Aux origines de la carte de presse

Conséquence de l’industrialisation de la presseUn brassard et une carte de presse
La fin du XIX siècle marque une période de développement des journaux qui augmentent leur tirage et leur pagination. La presse se transforme, s’industrialise. L’effectif des journalistes augmente. Et pourtant le journalisme est toujours considéré comme un passe-temps et non une profession en soi.

Convention collective avortée
Cette période marque aussi le développement des associations de journalistes. Celles-ci se regroupent lors d’un congrès à Paris en 1900, où elles proposent la création d’une carte d’identité des journalistes. Une carte internationale de journaliste sera effectivement distribuées à partir de 1928 par la FIJ (Fédération internationale des journalistes), mais seulement à ses adhérents. Elle servira surtout à faciliter les voyages et l’exercice du métier à l’étranger. Les journalistes restent dépourvus de statut professionnel. Les syndicats de journalistes tenteront bien de mettre en place une convention collective avec les organisations patronales, mais les négociations échouent.

Professionnaliser le journalisme
La loi du 29 mars 1935, clarifie la situation et institue la carte d’identité des journalistes professionnels. Le Parlement confie le soin d’attribuer cette carte à une Commission de professionnels. La Commission de la carte d’identité des journalistes professionnels (CCIJP) est créée en 1936. Les premières cartes sont émises entre 1936 et 1945, mais elles ne sont pas obligatoires.

Epurer la profession
La Seconde guerre mondiale change la donne. Après 1945, la Commission est chargée d’épurer la profession en refusant la carte aux journalistes ayant collaboré pendant l’occupation.
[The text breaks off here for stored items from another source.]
(* Let $I$ be a real interval centered at $0$ with $[-1,1]\subseteq I$, and let $f\colon I^n\to\mathbb{R}$ be a symmetric quasi-Lovász extension, $f=\check{L}\circ\varphi$, such that $f|_{I_+^n}$ or $f|_{I_-^n}$ is nonconstant. Then the following are equivalent: (i) $f_0$ is oddly homogeneous; (ii) there exists $A\subseteq[n]$ with $f_0(\mathbf{1}_A)\neq 0$; (iii) $\varphi(1)\neq 0$. Moreover, in this case $f_0(x\mathbf{1}_A)=\frac{\varphi(x)}{\varphi(1)}f_0(\mathbf{1}_A)$ for all $x\in I$ and all $A\subseteq[n]$.
   Context: Notation: $[n]=\{1,\ldots,n\}$; $I_+=I\cap[0,\infty[$, $I_-=I\cap\,]-\infty,0]$; $\mathbf{1}_A$ is the indicator tuple of $A\subseteq[n]$, $\mathbf{0}=\mathbf{1}_\varnothing$; for a function $g$, $g_0=g-g(\mathbf{0})$; $\mathbf{x}^+$ has components $\max(x_i,0)$ and $\mathbf{x}^-=(-\mathbf{x})^+$. For $\sigma$ a permutation of $[n]$, $\mathbb{R}^n_\sigma=\{\mathbf{x}: x_{\sigma(1)}\leq\cdots\leq x_{\sigma(n)}\}$, $A^\uparrow_\sigma(i)=\{\sigma(i),\ldots,\sigma(n)\}$, $A^\uparrow_\sigma(n+1)=\varnothing$. The Lovász extension $L_\psi\colon\mathbb{R}^n\to\mathbb{R}$ of $\psi\colon\{0,1\}^n\to\mathbb{R}$ is the function whose restriction to each $\mathbb{R}^n_\sigma$ is the unique affine function agreeing with $\psi$ at the points $\mathbf{1}_{A^\uparrow_\sigma(k)}$, $k\in[n+1]$. The symmetric Lovász extension of $\psi$ is $\check{L}_\psi(\mathbf{x})=\psi(\mathbf{0})+L_\psi(\mathbf{x}^+)-L_\psi(\mathbf{x}^-)$; a symmetric Lovász extension is any $\check{L}_\psi$. A symmetric quasi-Lovász extension is $f(\mathbf{x})=\check{L}(\varphi(x_1),\ldots,\varphi(x_n))$ with $\check{L}$ a symmetric Lovász extension and $\varphi\colon I\to\mathbb{R}$ nondecreasing and odd. A function $g\colon I^n\to\mathbb{R}$ ($I$ centered at $0$) is oddly homogeneous if there exists a nondecreasing odd $\phi\colon I\to\mathbb{R}$ with $g(x\mathbf{1}_A)=\phi(x)g(\mathbf{1}_A)$ for all $x\in I$, $A\subseteq[n]$. *)

From HB Require Import structures.
From mathcomp Require Import all_boot all_order all_algebra all_fingroup.
Set Implicit Arguments. Unset Strict Implicit. Unset Printing Implicit Defensive.
Import Order.TTheory GRing.Theory Num.Theory.
Local Open Scope ring_scope.

Section Defs.
Variables (R : realFieldType) (n : nat).

(* points of R^n are functions 'I_n -> R; the index set [n] is 'I_n (0-based) *)

Definition ind (A : {set 'I_n}) : 'I_n -> R := fun i => if i \in A then 1 else 0.

Definition vpos (x : 'I_n -> R) : 'I_n -> R := fun i => Num.max (x i) 0.
Definition vneg (x : 'I_n -> R) : 'I_n -> R := vpos (fun i => - x i).

Definition in_cone (s : 'S_n) (x : 'I_n -> R) : Prop :=
  forall i j : 'I_n, (i <= j)%N -> x (s i) <= x (s j).

(* A^up_sigma(k) = {sigma k, ..., sigma (n-1)}, for k = 0..n; k = n gives the empty set *)
Definition Aup (s : 'S_n) (k : nat) : {set 'I_n} := [set s i | i : 'I_n & (k <= i)%N].

(* L is the Lovász extension of psi : {0,1}^n -> R (pseudo-Boolean functions are
   seen as functions on subsets of [n]): on each cone R^n_sigma, L coincides with
   an affine function agreeing with psi at the points 1_{A^up_sigma(k)}. *)
Definition is_Lovasz_ext (psi : {set 'I_n} -> R) (L : ('I_n -> R) -> R) : Prop :=
  forall s : 'S_n, exists (c : R) (w : 'I_n -> R),
    (forall x, in_cone s x -> L x = c + \sum_(i < n) w i * x i) /\
    (forall k : nat, (k <= n)%N ->
       c + \sum_(i < n) w i * ind (Aup s k) i = psi (Aup s k)).

Definition sym_Lovasz (psi : {set 'I_n} -> R) (L : ('I_n -> R) -> R)
  (x : 'I_n -> R) : R := psi set0 + L (vpos x) - L (vneg x).

Definition in_dom (I : pred R) (x : 'I_n -> R) : Prop := forall i, I (x i).

Definition nondecr_on (I : pred R) (phi : R -> R) : Prop :=
  forall x y, I x -> I y -> x <= y -> phi x <= phi y.

Definition odd_on (I : pred R) (phi : R -> R) : Prop :=
  forall x, I x -> phi (- x) = - phi x.

Definition zeroed (g : ('I_n -> R) -> R) : ('I_n -> R) -> R :=
  fun x => g x - g (fun _ => 0).

Definition oddly_homogeneous (I : pred R) (g : ('I_n -> R) -> R) : Prop :=
  exists phi : R -> R, nondecr_on I phi /\ odd_on I phi /\
    forall (x : R) (A : {set 'I_n}), I x ->
      g (fun i => x * ind A i) = phi x * g (ind A).

Definition nonconst_on (D : ('I_n -> R) -> Prop) (g : ('I_n -> R) -> R) : Prop :=
  exists x y, D x /\ D y /\ g x <> g y.

End Defs.
Arguments ind {R n} A i.

(* On a scaled indicator t 1_A, the Lovász extension L is read off the cone
   containing 1_A, which gives L(t 1_A) = psi(0) + t (psi(A) - psi(0)) for t >= 0;
   splitting t into t^+ - t^- extends this to the symmetric extension for every t.
   Hence f_0(x 1_A) = phi(x) (psi(A) - psi(0)), and everything follows: phi(1) >= 0
   by monotonicity, psi is not constant since f is not, and if phi(1) = 0 then
   odd homogeneity forces phi to vanish on I, making f constant. *)
From HB Require Import structures.
From mathcomp Require Import all_boot all_order all_algebra all_fingroup.
From mathcomp Require Import ring.
From Stdlib Require Import FunctionalExtensionality.
Import Order.TTheory GRing.Theory Num.Theory.
Local Open Scope ring_scope.

Lemma exists_in_cone {R : realFieldType} {n : nat} (x : 'I_n -> R) :
  exists s : 'S_n, in_cone s x.
Proof.
case: n x => [|m] x; first by exists 1%g => -[].
pose r i j := x i <= x j.
pose ss := sort r (enum 'I_m.+1).
have size_ss : size ss = m.+1 by rewrite size_sort size_enum_ord.
have uniq_ss : uniq ss by rewrite sort_uniq enum_uniq.
have sorted_ss : sorted r ss by apply: sort_sorted => a b; apply: le_total.
pose g (i : 'I_m.+1) := nth ord0 ss i.
have g_inj : injective g.
  move=> i j /eqP; rewrite /g nth_uniq ?size_ss //.
  by move/eqP/val_inj.
exists (perm g_inj) => i j le_ij; rewrite !permE.
apply: (sorted_leq_nth (leT := r)) => //; rewrite ?inE ?size_ss //.
- by move=> a b c; apply: le_trans.
- by move=> a; apply: lexx.
Qed.

Lemma ind_Aup (R : realFieldType) (n : nat) (s : 'S_n) (k : nat) (j : 'I_n) :
  ind (Aup s k) (s j) = (if (k <= j)%N then 1 else 0 : R).
Proof. by rewrite /ind /Aup mem_imset ?inE //; apply: perm_inj. Qed.

Lemma Aup_n (n : nat) (s : 'S_n) : Aup s n = set0.
Proof.
apply/setP => a; rewrite inE; apply/imsetP => -[i]; rewrite inE => le_ni _.
by move: (ltn_ord i); rewrite ltnNge le_ni.
Qed.

(* Sorting 1_A puts the elements of A last, so A is an upper set of the order. *)
Lemma ind_in_cone_Aup (R : realFieldType) (n : nat) (A : {set 'I_n}) :
  exists (s : 'S_n) (k : nat),
    [/\ (k <= n)%N, Aup s k = A & in_cone s (ind A : 'I_n -> R)].
Proof.
have [s s_cone] := exists_in_cone (ind A : 'I_n -> R).
pose P k := (k == n) || [exists i : 'I_n, (i == k :> nat) && (s i \in A)].
have exP : exists k, P k by exists n; rewrite /P eqxx.
case: (ex_minnP exP) => k Pk k_min; exists s, k; split => //.
  by case/orP: Pk => [/eqP -> //|/existsP [i /andP [/eqP <- _]]]; apply: ltnW.
apply/setP => a; apply/imsetP/idP.
- case=> i; rewrite inE => le_ki ->.
  case/orP: Pk => [/eqP k_n|/existsP [j /andP [/eqP j_k sjA]]].
    by move: le_ki (ltn_ord i); rewrite k_n ltnNge => ->.
  have := s_cone j i; rewrite j_k => /(_ le_ki).
  by rewrite /ind sjA; case: (s i \in A); rewrite // leNgt ltr01.
- move=> aA; exists ((s^-1)%g a); last by rewrite permKV.
  rewrite inE; apply: k_min; apply/orP; right; apply/existsP.
  by exists ((s^-1)%g a); rewrite eqxx permKV aA.
Qed.

Section LovaszExtension.
Variables (R : realFieldType) (n : nat) (psi : {set 'I_n} -> R).
Variable (L : ('I_n -> R) -> R).
Hypothesis L_ext : is_Lovasz_ext psi L.

Lemma Lovasz_ext_offset {s : 'S_n} {c : R} {w : 'I_n -> R} :
  (forall k, (k <= n)%N -> c + \sum_(i < n) w i * ind (Aup s k) i = psi (Aup s k)) ->
  c = psi set0.
Proof.
move=> /(_ n (leqnn n)); rewrite Aup_n => <-.
by rewrite big1 ?addr0 // => i _; rewrite /ind inE mulr0.
Qed.

Lemma Lovasz_ext_scaled_ind (A : {set 'I_n}) (t : R) : 0 <= t ->
  L (fun i => t * ind A i) = psi set0 + t * (psi A - psi set0).
Proof.
move=> t_ge0.
have [s [k [le_kn AupA A_cone]]] := @ind_in_cone_Aup R n A.
have [c [w [L_affine L_interp]]] := L_ext s.
rewrite L_affine; last by move=> i j le_ij; rewrite ler_wpM2l ?A_cone.
rewrite -AupA -(L_interp k le_kn) (Lovasz_ext_offset L_interp).
rewrite addrAC subrr add0r mulr_sumr; congr (_ + _).
by apply: eq_bigr => i _; rewrite mulrCA.
Qed.

(* For constant psi the interpolation conditions force all weights to vanish. *)
Lemma Lovasz_ext_const : (forall A, psi A = psi set0) -> forall x, L x = psi set0.
Proof.
move=> psi_const x.
have [s x_cone] := exists_in_cone x.
have [c [w [L_affine L_interp]]] := L_ext s.
have c_psi0 := Lovasz_ext_offset L_interp.
have tail_sum0 k : (k <= n)%N -> \sum_(j < n | (k <= j)%N) w (s j) = 0.
  move=> le_kn; apply: (@addrI _ c).
  rewrite addr0 [RHS]c_psi0 -(psi_const (Aup s k)) -(L_interp k le_kn).
  rewrite [in RHS](reindex_inj (@perm_inj _ s)) /= [in LHS]big_mkcond /=.
  congr (_ + _); apply: eq_bigr => j _.
  by rewrite ind_Aup; case: ifP; rewrite ?mulr1 ?mulr0.
have w0 (j : 'I_n) : w (s j) = 0.
  have := tail_sum0 j (ltnW (ltn_ord j)); rewrite (bigD1 j) //=.
  rewrite (eq_bigl (fun i : 'I_n => (j.+1 <= i)%N)) => [|i].
    by rewrite tail_sum0 ?addr0.
  by rewrite ltn_neqAle andbC eq_sym.
rewrite L_affine // c_psi0 big1 ?addr0 // => i _.
by rewrite -(permKV s i) w0 mul0r.
Qed.

Lemma vpos_scaled_ind (A : {set 'I_n}) (t : R) :
  vpos (fun i => t * ind A i) = (fun i => Num.max t 0 * ind A i).
Proof.
by apply: functional_extensionality => i; rewrite /vpos /ind; case: (i \in A);
  rewrite ?mulr1 ?mulr0 ?maxxx.
Qed.

Lemma sym_Lovasz_scaled_ind (A : {set 'I_n}) (t : R) :
  sym_Lovasz psi L (fun i => t * ind A i) = psi set0 + t * (psi A - psi set0).
Proof.
rewrite /sym_Lovasz.
have -> : vneg (fun i => t * ind A i) = vpos (fun i => - t * ind A i).
  by congr vpos; apply: functional_extensionality => i; rewrite mulNr.
rewrite !vpos_scaled_ind !Lovasz_ext_scaled_ind ?le_max ?lexx ?orbT //.
have max_sub : Num.max t 0 - Num.max (- t) 0 = t.
  have [t_ge0|t_lt0] := leP 0 t.
    by rewrite max_r ?subr0 // oppr_le0.
  by rewrite max_l ?sub0r ?opprK // oppr_ge0 ltW.
by rewrite -[t in RHS]max_sub; ring.
Qed.

End LovaszExtension.

Arguments Lovasz_ext_const {R n psi L}.
Arguments sym_Lovasz_scaled_ind {R n psi L}.

Section QuasiLovaszExtension.
Variables (R : realFieldType) (n : nat) (I : pred R) (phi : R -> R).
Variables (psi : {set 'I_n} -> R) (L : ('I_n -> R) -> R) (f : ('I_n -> R) -> R).
Hypotheses (I_unit : forall x, -1 <= x -> x <= 1 -> I x)
  (L_ext : is_Lovasz_ext psi L) (phi_odd : odd_on I phi)
  (f_def : forall x, in_dom I x -> f x = sym_Lovasz psi L (fun i => phi (x i))).

Lemma I_0 : I 0. Proof. by apply: I_unit; rewrite ?oppr_le0 ?ler01. Qed.

Lemma I_1 : I 1.
Proof. by apply: I_unit; rewrite // (le_trans (lerN10 _) ler01). Qed.

Lemma phi_0 : phi 0 = 0.
Proof.
have := phi_odd 0 I_0; rewrite oppr0 => /eqP; rewrite -subr_eq0 opprK.
by rewrite -mulr2n mulrn_eq0 /= => /eqP.
Qed.

Lemma f_scaled_ind (x : R) (A : {set 'I_n}) : I x ->
  f (fun i => x * ind A i) = psi set0 + phi x * (psi A - psi set0).
Proof.
move=> Ix; rewrite f_def => [|i]; last by rewrite /ind; case: (i \in A);
  rewrite ?mulr1 ?mulr0 // I_0.
rewrite -(sym_Lovasz_scaled_ind L_ext); congr sym_Lovasz.
by apply: functional_extensionality => i; rewrite /ind; case: (i \in A);
  rewrite ?mulr1 ?mulr0 ?phi_0.
Qed.

Lemma zeroed_f_scaled_ind (x : R) (A : {set 'I_n}) : I x ->
  zeroed f (fun i => x * ind A i) = phi x * (psi A - psi set0).
Proof.
move=> Ix; rewrite /zeroed f_scaled_ind //.
have -> : (fun _ => 0) = (fun i => 0 * ind A i) :> ('I_n -> R).
  by apply: functional_extensionality => i; rewrite mul0r.
by rewrite f_scaled_ind ?I_0 // phi_0 mul0r addr0 addrAC subrr add0r.
Qed.

Lemma zeroed_f_ind (A : {set 'I_n}) : zeroed f (ind A) = phi 1 * (psi A - psi set0).
Proof.
rewrite -zeroed_f_scaled_ind ?I_1 //; apply: congr1.
by apply: functional_extensionality => i; rewrite mul1r.
Qed.

Lemma f_const_of_phi_vanish : (forall x, I x -> phi x = 0) ->
  forall x, in_dom I x -> f x = psi set0.
Proof.
move=> phi_vanish x Ix; rewrite f_def //.
have -> : (fun i => phi (x i)) = (fun i => 0 * ind set0 i).
  by apply: functional_extensionality => i; rewrite phi_vanish // mul0r.
by rewrite (sym_Lovasz_scaled_ind L_ext) mul0r addr0.
Qed.

Lemma f_const_of_psi_const : (forall A, psi A = psi set0) ->
  forall x, in_dom I x -> f x = psi set0.
Proof.
move=> psi_const x Ix.
by rewrite f_def // /sym_Lovasz !(Lovasz_ext_const L_ext) // addrK.
Qed.

End QuasiLovaszExtension.

Arguments I_0 {R I}.
Arguments I_1 {R I}.
Arguments phi_0 {R I phi}.
Arguments zeroed_f_scaled_ind {R n I phi psi L f}.
Arguments zeroed_f_ind {R n I phi psi L f}.
Arguments f_const_of_phi_vanish {R n I phi psi L f}.
Arguments f_const_of_psi_const {R n I phi psi L f}.

Theorem proposition7 (R : realFieldType) (n : nat) (I : pred R)
    (phi : R -> R) (psi : {set 'I_n} -> R) (L : ('I_n -> R) -> R)
    (f : ('I_n -> R) -> R) :
  (* I is a real interval centered at 0 containing [-1,1] *)
  (forall x y z, I x -> I z -> x <= y -> y <= z -> I y) ->
  (forall x, I x -> I (- x)) ->
  (forall x, -1 <= x -> x <= 1 -> I x) ->
  (* f = Lcheck o phi is a symmetric quasi-Lovász extension on I^n *)
  is_Lovasz_ext psi L ->
  nondecr_on I phi -> odd_on I phi ->
  (forall x, in_dom I x -> f x = sym_Lovasz psi L (fun i => phi (x i))) ->
  (* f restricted to I_+^n or to I_-^n is nonconstant *)
  (nonconst_on (fun x => in_dom I x /\ forall i, 0 <= x i) f \/
   nonconst_on (fun x => in_dom I x /\ forall i, x i <= 0) f) ->
  ((oddly_homogeneous I (zeroed f) <-> exists A : {set 'I_n}, zeroed f (ind A) <> 0) /\
   ((exists A : {set 'I_n}, zeroed f (ind A) <> 0) <-> phi 1 <> 0)) /\
  (phi 1 <> 0 -> forall (x : R) (A : {set 'I_n}), I x ->
     zeroed f (fun i => x * ind A i) = phi x / phi 1 * zeroed f (ind A)).
Proof.
move=> _ _ I_unit L_ext phi_mono phi_odd f_def f_nonconst.
have f_scaled := zeroed_f_scaled_ind I_unit L_ext phi_odd f_def.
have f_ind := zeroed_f_ind I_unit L_ext phi_odd f_def.
have f_not_const : ~ forall x, in_dom I x -> f x = psi set0.
  by move=> f_const; case: f_nonconst => -[x [y [[Ix _] [[Iy _]]]]]; rewrite !f_const.
have [A0 psiA0] : exists A, psi A - psi set0 != 0.
  have [/existsP //|/existsPn psi_const] := boolP [exists A, psi A - psi set0 != 0].
  exfalso; apply: f_not_const.
  apply: (f_const_of_psi_const L_ext f_def) => A.
  by apply/eqP; rewrite -subr_eq0; apply/negPn/psi_const.
have phi1_ge0 : 0 <= phi 1.
  by rewrite -(phi_0 I_unit phi_odd) phi_mono ?(I_0 I_unit) ?(I_1 I_unit) ?ler01.
have ii_iii : (exists A, zeroed f (ind A) <> 0) <-> phi 1 <> 0.
  split=> [[B fB0] phi1_0 | phi1_neq0]; first by rewrite f_ind phi1_0 mul0r in fB0.
  by exists A0; rewrite f_ind; apply/eqP; rewrite mulf_neq0 //; apply/eqP.
have scaling (phi1_neq0 : phi 1 <> 0) x A : I x ->
    zeroed f (fun i => x * ind A i) = phi x / phi 1 * zeroed f (ind A).
  by move=> Ix; rewrite f_scaled // f_ind mulrA divfK //; apply/eqP.
split; [split=> //; split | exact: scaling].
- case=> g [_ [_ g_hom]]; apply/ii_iii => phi1_0; apply: f_not_const.
  apply: (f_const_of_phi_vanish L_ext f_def) => x Ix; apply/eqP.
  have := g_hom x A0 Ix; rewrite f_scaled // f_ind phi1_0 mul0r mulr0.
  by move/eqP; rewrite mulf_eq0 (negbTE psiA0) orbF.
- move=> /ii_iii phi1_neq0; exists (fun x => phi x / phi 1); split; [|split].
  + by move=> x y Ix Iy le_xy; rewrite ler_wpM2r ?invr_ge0 ?phi_mono.
  + by move=> x Ix; rewrite phi_odd // mulNr.
  + exact: scaling.
Qed.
Une ordonnance est émise le 30 septembre 1944, elle institue une nouvelle carte de presse obligatoire, celle qui est reconnue aujourd’hui. A partir de 1946, avec la fin de l’épuration la carte perd son caractère obligatoire.

Une exception française
Aujourd’hui la carte de presse n’est pas obligatoire mais, la convention collective oblige les entreprises de presse signataires à ne pas employer de journalistes sans carte plus de 3 mois d’affilés. La carte de presse reste une exception française, seul pays démocratique où elle est distribuée par un organisme, au nom de l’Etat. Des cartes professionnelles existent dans d’autres pays mais celles-ci sont délivrées par les employeurs ou les syndicats de journalistes.